__YOUR INSTRUCTIONS__. Look through the material below. Copy every line with the string "btrans" in it.

*** Opening of SOURCE DATA ***

(* If $\alpha$ is a half-space quasiorder on a set $A$, then there exist linear orders $R_1,R_2$ on $A/(\alpha\cap\alpha^{-1})$ with $r_\alpha=R_1\cap R_2$; in particular the partial order $r_\alpha$ has order dimension at most $2$.
   Context: A quasiorder on $A$ is a reflexive and transitive relation; $\Delta_A=\{(a,a)\mid a\in A\}$. A quasiorder $\alpha$ on $A$ is a half-space if there is a quasiorder $\beta$ on $A$ with $\alpha\cup\beta=A\times A$ and $\alpha\cap\beta=\Delta_A$. For a quasiorder $\gamma$, $r_\gamma$ is the induced partial order on $A/(\gamma\cap\gamma^{-1})$: $([a],[b])\in r_\gamma$ iff $(a,b)\in\gamma$. The order dimension of a partial order is the least cardinality of a set of linear extensions of it whose intersection is the partial order. *)

From Stdlib Require Import List.
Import ListNotations.

Definition relation (X : Type) := X -> X -> Prop.

Definition reflexive {X} (r : relation X) := forall x, r x x.
Definition transitive {X} (r : relation X) := forall x y z, r x y -> r y z -> r x z.
Definition antisymmetric {X} (r : relation X) := forall x y, r x y -> r y x -> x = y.
Definition total {X} (r : relation X) := forall x y, r x y \/ r y x.

Definition quasiorder {X} (r : relation X) := reflexive r /\ transitive r.
Definition partial_order {X} (r : relation X) := quasiorder r /\ antisymmetric r.
Definition linear_order {X} (r : relation X) := partial_order r /\ total r.

Definition half_space {A} (alpha : relation A) :=
  quasiorder alpha /\
  exists beta : relation A, quasiorder beta /\
    (forall a b, alpha a b \/ beta a b) /\
    (forall a b, (alpha a b /\ beta a b) <-> a = b).

Definition kerrel {A} (gamma : relation A) : relation A :=
  fun a b => gamma a b /\ gamma b a.

(* the quotient A/(gamma ∩ gamma^{-1}), as the type of equivalence classes *)
Definition eqclass {A} (gamma : relation A) (S : A -> Prop) :=
  exists a, forall b, S b <-> kerrel gamma a b.

Definition quot {A} (gamma : relation A) := { S : A -> Prop | eqclass gamma S }.

Definition class_of {A} (gamma : relation A) (S : quot gamma) : A -> Prop :=
  proj1_sig S.

Definition r_ {A} (gamma : relation A) : relation (quot gamma) :=
  fun X Y => exists a b, class_of gamma X a /\ class_of gamma Y b /\ gamma a b.

Definition linear_extension {X} (r R : relation X) :=
  linear_order R /\ (forall x y, r x y -> R x y).

Definition order_dim_le {X} (r : relation X) (n : nat) :=
  exists Rs : list (relation X), length Rs <= n /\
    (forall R, In R Rs -> linear_extension r R) /\
    (forall x y, r x y <-> (forall R, In R Rs -> R x y)).

(** Incomparability in [r_alpha] is transitive up to equality: two
    [alpha]-incomparable elements are related both ways by the complementary
    quasiorder [beta], hence so are [a] and [c] whenever [a ~ b ~ c], and then
    [alpha a c] would force [a = c] since [alpha ∩ beta] is the diagonal.  For a
    partial order [r] with this property and any linear order [W], "[r], and [W]
    on incomparable pairs" is a linear extension of [r]; the extensions built
    from [W] and from its converse meet in [r]. *)

From Pilot Require Import Defs.
From Stdlib Require Import List Classical FunctionalExtensionality
  PropExtensionality ProofIrrelevance.
From mathcomp Require all_boot boolp wochoice.
Import ListNotations.

Module LinearOrderExistence.
Import all_boot boolp wochoice.

Lemma exists_linear_order (T : Type) :
  exists W : Pilot.Defs.relation T, Pilot.Defs.linear_order W.
Proof.
have [R wR] := well_ordering_principle {classic T}.
have woR : wo_chain R predT by move=> A _; apply: wR.
have le_total x y : R x y \/ R y x by apply/orP; exact: wo_chainW woR x y isT isT.
have le_anti x y : R x y -> R y x -> x = y.
  by move=> Rxy Ryx; apply: (wo_chain_antisymmetric woR) => //; rewrite Rxy Ryx.
have le_refl x : R x x by case: (le_total x x).
(* The least of [x], [y], [z] lies below the other two. *)
have le_trans x y z : R x y -> R y z -> R x z.
  move=> Rxy Ryz; have xP : x \in pred3 x y z by rewrite !inE eqxx.
  have [m [[mP m_min] _]] := wR _ (ex_intro _ x xP).
  have := m_min z; rewrite !inE eqxx !orbT => /(_ isT) Rmz.
  case/or3P: mP => /eqP m_eq; subst m => //.
  - have Ryx : R y x by apply: m_min; rewrite !inE eqxx.
    by rewrite (le_anti x y).
  - have Rzy : R z y by apply: m_min; rewrite !inE eqxx orbT.
    by rewrite -(le_anti y z).
exists (fun x y => R x y); split; [split; [split|]|].
- exact: le_refl.
- exact: le_trans.
- exact: le_anti.
- exact: le_total.
Qed.

End LinearOrderExistence.

Import LinearOrderExistence.

Definition converse {X} (R : relation X) : relation X := fun x y => R y x.

Definition incomparable {X} (r : relation X) (x y : X) := ~ r x y /\ ~ r y x.

Lemma linear_order_converse {X} (R : relation X) :
  linear_order R -> linear_order (converse R).
Proof.
  intros [[[Rrefl Rtrans] Ranti] Rtot]; unfold converse.
  repeat split; [intro x | intros x y z Hxy Hyz | intros x y Hxy Hyx | intros x y].
  - apply Rrefl.
  - eauto.
  - auto.
  - apply Rtot.
Qed.

Lemma order_dim_le_2_of_meet {X} (r R1 R2 : relation X) :
  linear_order R1 -> linear_order R2 ->
  (forall x y, r x y <-> R1 x y /\ R2 x y) ->
  order_dim_le r 2.
Proof.
  intros L1 L2 Hmeet.
  exists [R1; R2]; split; [simpl; auto | split].
  - intros R [<- | [<- | []]]; split; auto; intros x y Hxy; apply Hmeet in Hxy; tauto.
  - intros x y; rewrite Hmeet; split.
    + intros [H1 H2] R [<- | [<- | []]]; auto.
    + intros H; split; apply H; simpl; auto.
Qed.

Section TransitiveIncomparability.

Variables (X : Type) (r : relation X).
Hypothesis r_po : partial_order r.
Hypothesis incomparable_trans : forall x y z,
  incomparable r x y -> incomparable r y z -> x = z \/ incomparable r x z.

Definition lex_extension (W : relation X) : relation X :=
  fun x y => r x y \/ (incomparable r x y /\ W x y).

Lemma lex_extension_trans (W : relation X) :
  transitive W -> transitive (lex_extension W).
Proof.
  destruct r_po as [[rrefl rtrans] _]; intros Wtrans x y z.
  intros [rxy | [Ixy Wxy]] [ryz | [Iyz Wyz]]; unfold lex_extension.
  - eauto.
  - destruct (classic (r x z)) as [rxz | nrxz]; [now left |].
    destruct (classic (r z x)) as [rzx | nrzx].
    + exfalso; apply (proj2 Iyz); eauto.
    + destruct (incomparable_trans x z y (conj nrxz nrzx)
                  (conj (proj2 Iyz) (proj1 Iyz))) as [-> | Ixy]; [now right |].
      now destruct Ixy.
  - destruct (classic (r x z)) as [rxz | nrxz]; [now left |].
    destruct (classic (r z x)) as [rzx | nrzx].
    + exfalso; apply (proj2 Ixy); eauto.
    + destruct (incomparable_trans y x z (conj (proj2 Ixy) (proj1 Ixy))
                  (conj nrxz nrzx)) as [<- | Iyz]; [now right |].
      now destruct Iyz.
  - destruct (incomparable_trans x y z Ixy Iyz) as [<- | Ixz].
    + left; apply rrefl.
    + right; eauto.
Qed.

Lemma lex_extension_linear (W : relation X) :
  linear_order W -> linear_order (lex_extension W).
Proof.
  destruct r_po as [[rrefl _] ranti].
  intros [[[_ Wtrans] Wanti] Wtot]; unfold lex_extension.
  split; [split; [split |] |].
  - intro x; left; apply rrefl.
  - apply lex_extension_trans, Wtrans.
  - intros x y [rxy | [Ixy Wxy]] [ryx | [Iyx Wyx]].
    + now apply ranti.
    + now destruct Iyx.
    + now destruct Ixy.
    + now apply Wanti.
  - intros x y.
    destruct (classic (r x y)) as [rxy | nrxy]; [now left; left |].
    destruct (classic (r y x)) as [ryx | nryx]; [now right; left |].
    destruct (Wtot x y); [left | right]; right; repeat split; auto.
Qed.

Lemma lex_extension_meet_converse (W : relation X) :
  antisymmetric W ->
  forall x y, r x y <-> lex_extension W x y /\ lex_extension (converse W) x y.
Proof.
  destruct r_po as [[rrefl _] _]; intros Wanti x y; split.
  - intro rxy; split; now left.
  - intros [[rxy | [_ Wxy]] [rxy' | [_ Wyx]]]; auto.
    rewrite (Wanti x y Wxy Wyx); apply rrefl.
Qed.

Lemma two_linear_orders_meet :
  exists R1 R2 : relation X,
    linear_order R1 /\ linear_order R2 /\ (forall x y, r x y <-> R1 x y /\ R2 x y).
Proof.
  destruct (exists_linear_order X) as [W LW].
  exists (lex_extension W), (lex_extension (converse W)).
  split; [| split].
  - now apply lex_extension_linear.
  - now apply lex_extension_linear, linear_order_converse.
  - apply lex_extension_meet_converse, LW.
Qed.

End TransitiveIncomparability.

Section Quotient.

Variables (A : Type) (alpha : relation A).
Hypothesis alpha_qo : quasiorder alpha.

Definition represents (C : quot alpha) (a : A) :=
  forall b, class_of alpha C b <-> kerrel alpha a b.

Lemma quot_has_rep (C : quot alpha) : exists a, represents C a.
Proof. destruct C as [S [a Ha]]; now exists a. Qed.

Lemma r_rep (C D : quot alpha) (a b : A) :
  represents C a -> represents D b -> (r_ alpha C D <-> alpha a b).
Proof.
  destruct alpha_qo as [arefl atrans]; intros HC HD; split.
  - intros [a' [b' [Ca' [Db' ra'b']]]].
    apply HC in Ca'; apply HD in Db'; destruct Ca', Db'; eauto.
  - intro rab; exists a, b; repeat split; auto; [apply HC | apply HD];
      split; apply arefl.
Qed.

Lemma quot_eq_rep (C D : quot alpha) (a b : A) :
  represents C a -> represents D b -> kerrel alpha a b -> C = D.
Proof.
  destruct alpha_qo as [_ atrans].
  destruct C as [S HS], D as [S' HS']; unfold represents; simpl.
  intros HC HD [rab rba].
  assert (S = S') as <-.
  { apply functional_extensionality; intro c; apply propositional_extensionality.
    rewrite HC, HD; unfold kerrel; split; intros [H1 H2]; split; eauto. }
  f_equal; apply proof_irrelevance.
Qed.

Lemma r_partial_order : partial_order (r_ alpha).
Proof.
  destruct alpha_qo as [arefl atrans].
  split; [split |].
  - intro C; destruct (quot_has_rep C) as [a Ha].
    apply (r_rep C C a a Ha Ha), arefl.
  - intros C D E.
    destruct (quot_has_rep C) as [a Ha], (quot_has_rep D) as [b Hb],
      (quot_has_rep E) as [c Hc].
    rewrite (r_rep C D a b Ha Hb), (r_rep D E b c Hb Hc), (r_rep C E a c Ha Hc).
    eauto.
  - intros C D; destruct (quot_has_rep C) as [a Ha], (quot_has_rep D) as [b Hb].
    rewrite (r_rep C D a b Ha Hb), (r_rep D C b a Hb Ha); intros rab rba.
    now apply (quot_eq_rep C D a b Ha Hb).
Qed.

Lemma incomparable_rep (C D : quot alpha) (a b : A) :
  represents C a -> represents D b ->
  (incomparable (r_ alpha) C D <-> incomparable alpha a b).
Proof.
  intros Ha Hb; unfold incomparable.
  now rewrite (r_rep C D a b Ha Hb), (r_rep D C b a Hb Ha).
Qed.

Lemma r_incomparable_trans :
  (forall a b c, incomparable alpha a b -> incomparable alpha b c ->
     a = c \/ incomparable alpha a c) ->
  forall C D E, incomparable (r_ alpha) C D -> incomparable (r_ alpha) D E ->
    C = E \/ incomparable (r_ alpha) C E.
Proof.
  intros Htrans C D E.
  destruct (quot_has_rep C) as [a Ha], (quot_has_rep D) as [b Hb],
    (quot_has_rep E) as [c Hc].
  rewrite (incomparable_rep C D a b Ha Hb), (incomparable_rep D E b c Hb Hc),
    (incomparable_rep C E a c Ha Hc).
  intros Iab Ibc; destruct (Htrans a b c Iab Ibc) as [<- | Iac]; [left | now right].
  apply (quot_eq_rep C E a a Ha Hc); split; apply (proj1 alpha_qo).
Qed.

End Quotient.

Lemma half_space_incomparable_trans {A} (alpha : relation A) :
  half_space alpha ->
  forall a b c, incomparable alpha a b -> incomparable alpha b c ->
    a = c \/ incomparable alpha a c.
Proof.
  intros [_ [beta [[_ btrans] [Hcover Hdiag]]]] a b c [nab nba] [nbc ncb].
  assert (Hbeta : forall x y, ~ alpha x y -> beta x y)
    by (intros x y nxy; destruct (Hcover x y); tauto).
  assert (bac : beta a c) by (apply (btrans a b c); auto).
  assert (bca : beta c a) by (apply (btrans c b a); auto).
  destruct (classic (alpha a c)) as [rac | nac]; [left; now apply Hdiag |].
  destruct (classic (alpha c a)) as [rca | nca]; [left; symmetry; now apply Hdiag |].
  now right.
Qed.

Theorem corollary2p6 (A : Type) (alpha : relation A) :
  half_space alpha ->
  (exists R1 R2 : relation (quot alpha),
      linear_order R1 /\ linear_order R2 /\
      (forall X Y, r_ alpha X Y <-> (R1 X Y /\ R2 X Y)))
  /\ order_dim_le (r_ alpha) 2.
Proof.
  intros Hhalf.
  assert (Hmeet := two_linear_orders_meet (quot alpha) (r_ alpha)
    (r_partial_order A alpha (proj1 Hhalf))
    (r_incomparable_trans A alpha (proj1 Hhalf)
       (half_space_incomparable_trans alpha Hhalf))).
  split; [exact Hmeet |].
  destruct Hmeet as [R1 [R2 [L1 [L2 Hr]]]].
  exact (order_dim_le_2_of_meet _ R1 R2 L1 L2 Hr).
Qed.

*** Close of SOURCE DATA ***

__YOUR RESPONSE__.
  intros [_ [beta [[_ btrans] [Hcover Hdiag]]]] a b c [nab nba] [nbc ncb].
  assert (bac : beta a c) by (apply (btrans a b c); auto).
  assert (bca : beta c a) by (apply (btrans c b a); auto).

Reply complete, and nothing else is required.